[[ DATA RECORDS, beginning ]]

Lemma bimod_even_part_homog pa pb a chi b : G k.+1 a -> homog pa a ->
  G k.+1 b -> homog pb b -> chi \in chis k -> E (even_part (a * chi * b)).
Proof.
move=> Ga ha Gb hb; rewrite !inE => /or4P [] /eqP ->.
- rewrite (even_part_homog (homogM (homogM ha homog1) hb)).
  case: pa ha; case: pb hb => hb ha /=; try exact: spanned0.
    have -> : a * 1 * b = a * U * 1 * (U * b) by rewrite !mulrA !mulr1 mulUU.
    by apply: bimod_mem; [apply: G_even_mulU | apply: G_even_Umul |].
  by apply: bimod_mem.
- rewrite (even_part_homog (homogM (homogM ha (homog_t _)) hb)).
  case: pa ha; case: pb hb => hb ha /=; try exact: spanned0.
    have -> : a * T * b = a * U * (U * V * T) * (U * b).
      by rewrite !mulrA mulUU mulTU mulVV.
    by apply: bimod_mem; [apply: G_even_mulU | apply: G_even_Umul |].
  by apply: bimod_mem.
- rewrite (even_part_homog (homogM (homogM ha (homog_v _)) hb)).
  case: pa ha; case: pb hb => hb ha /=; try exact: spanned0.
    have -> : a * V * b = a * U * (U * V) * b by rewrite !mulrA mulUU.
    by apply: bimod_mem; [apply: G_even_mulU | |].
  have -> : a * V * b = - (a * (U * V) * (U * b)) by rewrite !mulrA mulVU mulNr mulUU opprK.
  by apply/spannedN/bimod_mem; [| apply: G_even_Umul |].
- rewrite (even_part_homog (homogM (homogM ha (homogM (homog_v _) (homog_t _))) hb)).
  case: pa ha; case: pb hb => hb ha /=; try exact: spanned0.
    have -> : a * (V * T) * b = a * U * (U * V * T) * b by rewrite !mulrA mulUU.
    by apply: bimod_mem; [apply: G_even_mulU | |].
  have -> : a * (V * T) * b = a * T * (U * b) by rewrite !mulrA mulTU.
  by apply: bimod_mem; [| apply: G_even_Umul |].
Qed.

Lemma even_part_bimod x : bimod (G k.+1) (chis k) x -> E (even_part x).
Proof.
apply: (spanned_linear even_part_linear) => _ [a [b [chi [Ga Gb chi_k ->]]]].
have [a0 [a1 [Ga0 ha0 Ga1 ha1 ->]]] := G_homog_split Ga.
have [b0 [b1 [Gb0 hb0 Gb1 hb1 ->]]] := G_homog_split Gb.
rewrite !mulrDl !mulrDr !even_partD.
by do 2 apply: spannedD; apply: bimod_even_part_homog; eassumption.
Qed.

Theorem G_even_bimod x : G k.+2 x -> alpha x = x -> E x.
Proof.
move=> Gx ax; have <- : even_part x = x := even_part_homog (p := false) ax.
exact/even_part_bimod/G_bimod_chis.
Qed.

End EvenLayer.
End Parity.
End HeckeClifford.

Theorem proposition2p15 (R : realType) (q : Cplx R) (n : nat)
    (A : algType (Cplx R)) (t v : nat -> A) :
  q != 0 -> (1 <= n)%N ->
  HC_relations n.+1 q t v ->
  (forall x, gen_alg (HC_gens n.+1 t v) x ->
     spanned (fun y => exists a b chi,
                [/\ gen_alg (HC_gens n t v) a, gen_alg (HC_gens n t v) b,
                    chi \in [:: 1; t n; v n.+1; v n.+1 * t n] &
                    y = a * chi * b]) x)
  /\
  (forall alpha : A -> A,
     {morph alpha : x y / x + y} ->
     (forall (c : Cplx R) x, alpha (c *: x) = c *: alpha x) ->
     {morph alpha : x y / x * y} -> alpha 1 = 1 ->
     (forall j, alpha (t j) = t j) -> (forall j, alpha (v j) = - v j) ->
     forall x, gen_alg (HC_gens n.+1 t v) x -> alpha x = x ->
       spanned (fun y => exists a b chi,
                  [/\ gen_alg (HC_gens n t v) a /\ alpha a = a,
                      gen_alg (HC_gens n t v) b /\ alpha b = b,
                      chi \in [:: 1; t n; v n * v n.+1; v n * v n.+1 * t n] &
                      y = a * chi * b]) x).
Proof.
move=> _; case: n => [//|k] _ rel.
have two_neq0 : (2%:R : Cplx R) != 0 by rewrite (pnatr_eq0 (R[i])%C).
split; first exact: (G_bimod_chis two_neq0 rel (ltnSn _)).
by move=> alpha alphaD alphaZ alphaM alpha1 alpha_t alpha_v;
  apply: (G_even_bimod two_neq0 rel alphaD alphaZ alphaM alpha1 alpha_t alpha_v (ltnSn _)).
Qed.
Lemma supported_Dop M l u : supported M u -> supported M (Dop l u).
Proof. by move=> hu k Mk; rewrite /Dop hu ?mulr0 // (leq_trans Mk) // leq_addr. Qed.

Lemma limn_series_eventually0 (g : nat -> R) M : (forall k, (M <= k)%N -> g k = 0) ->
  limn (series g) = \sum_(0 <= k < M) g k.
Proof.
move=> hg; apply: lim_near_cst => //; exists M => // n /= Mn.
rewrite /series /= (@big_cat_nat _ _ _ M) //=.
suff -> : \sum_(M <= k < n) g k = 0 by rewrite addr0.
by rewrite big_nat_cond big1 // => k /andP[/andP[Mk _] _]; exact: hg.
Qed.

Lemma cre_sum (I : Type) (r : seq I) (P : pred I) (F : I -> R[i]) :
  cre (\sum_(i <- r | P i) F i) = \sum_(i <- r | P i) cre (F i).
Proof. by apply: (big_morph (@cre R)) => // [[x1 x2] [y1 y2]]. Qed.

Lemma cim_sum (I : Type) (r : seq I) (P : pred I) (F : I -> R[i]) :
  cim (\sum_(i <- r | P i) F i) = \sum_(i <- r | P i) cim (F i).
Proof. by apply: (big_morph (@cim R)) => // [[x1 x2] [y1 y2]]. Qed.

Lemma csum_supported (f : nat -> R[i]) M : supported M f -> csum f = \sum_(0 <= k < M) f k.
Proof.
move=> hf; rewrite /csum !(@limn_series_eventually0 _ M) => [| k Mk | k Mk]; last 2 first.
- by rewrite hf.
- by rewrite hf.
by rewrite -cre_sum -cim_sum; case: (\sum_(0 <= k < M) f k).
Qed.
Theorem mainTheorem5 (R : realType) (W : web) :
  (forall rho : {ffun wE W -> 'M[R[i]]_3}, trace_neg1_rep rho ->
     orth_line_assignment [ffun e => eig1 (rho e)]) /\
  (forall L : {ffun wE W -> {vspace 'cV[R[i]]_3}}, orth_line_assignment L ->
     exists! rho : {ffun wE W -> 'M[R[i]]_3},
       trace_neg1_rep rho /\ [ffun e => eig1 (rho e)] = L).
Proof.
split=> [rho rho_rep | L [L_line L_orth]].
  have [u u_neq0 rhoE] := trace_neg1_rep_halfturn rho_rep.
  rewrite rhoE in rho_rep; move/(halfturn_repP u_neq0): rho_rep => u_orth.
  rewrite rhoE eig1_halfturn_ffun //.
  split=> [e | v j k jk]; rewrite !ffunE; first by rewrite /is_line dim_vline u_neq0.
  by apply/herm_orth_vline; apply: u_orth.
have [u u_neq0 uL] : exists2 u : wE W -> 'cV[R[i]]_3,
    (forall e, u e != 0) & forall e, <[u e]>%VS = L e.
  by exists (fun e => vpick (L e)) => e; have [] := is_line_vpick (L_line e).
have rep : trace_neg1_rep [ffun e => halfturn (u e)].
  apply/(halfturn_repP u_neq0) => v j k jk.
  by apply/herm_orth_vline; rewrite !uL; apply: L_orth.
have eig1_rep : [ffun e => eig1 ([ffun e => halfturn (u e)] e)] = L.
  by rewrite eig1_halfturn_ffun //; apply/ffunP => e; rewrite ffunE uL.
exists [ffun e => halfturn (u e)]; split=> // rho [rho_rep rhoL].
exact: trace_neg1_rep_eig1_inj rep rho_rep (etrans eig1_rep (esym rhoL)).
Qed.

[[ DATA RECORDS, end ]]

▶ _PROBLEM DESCRIPTION_: Identify the lines of the data that contain the word "supported". Copy each of them.

▶ _RESPONSE_:
Lemma supported_Dop M l u : supported M u -> supported M (Dop l u).
Lemma csum_supported (f : nat -> R[i]) M : supported M f -> csum f = \sum_(0 <= k < M) f k.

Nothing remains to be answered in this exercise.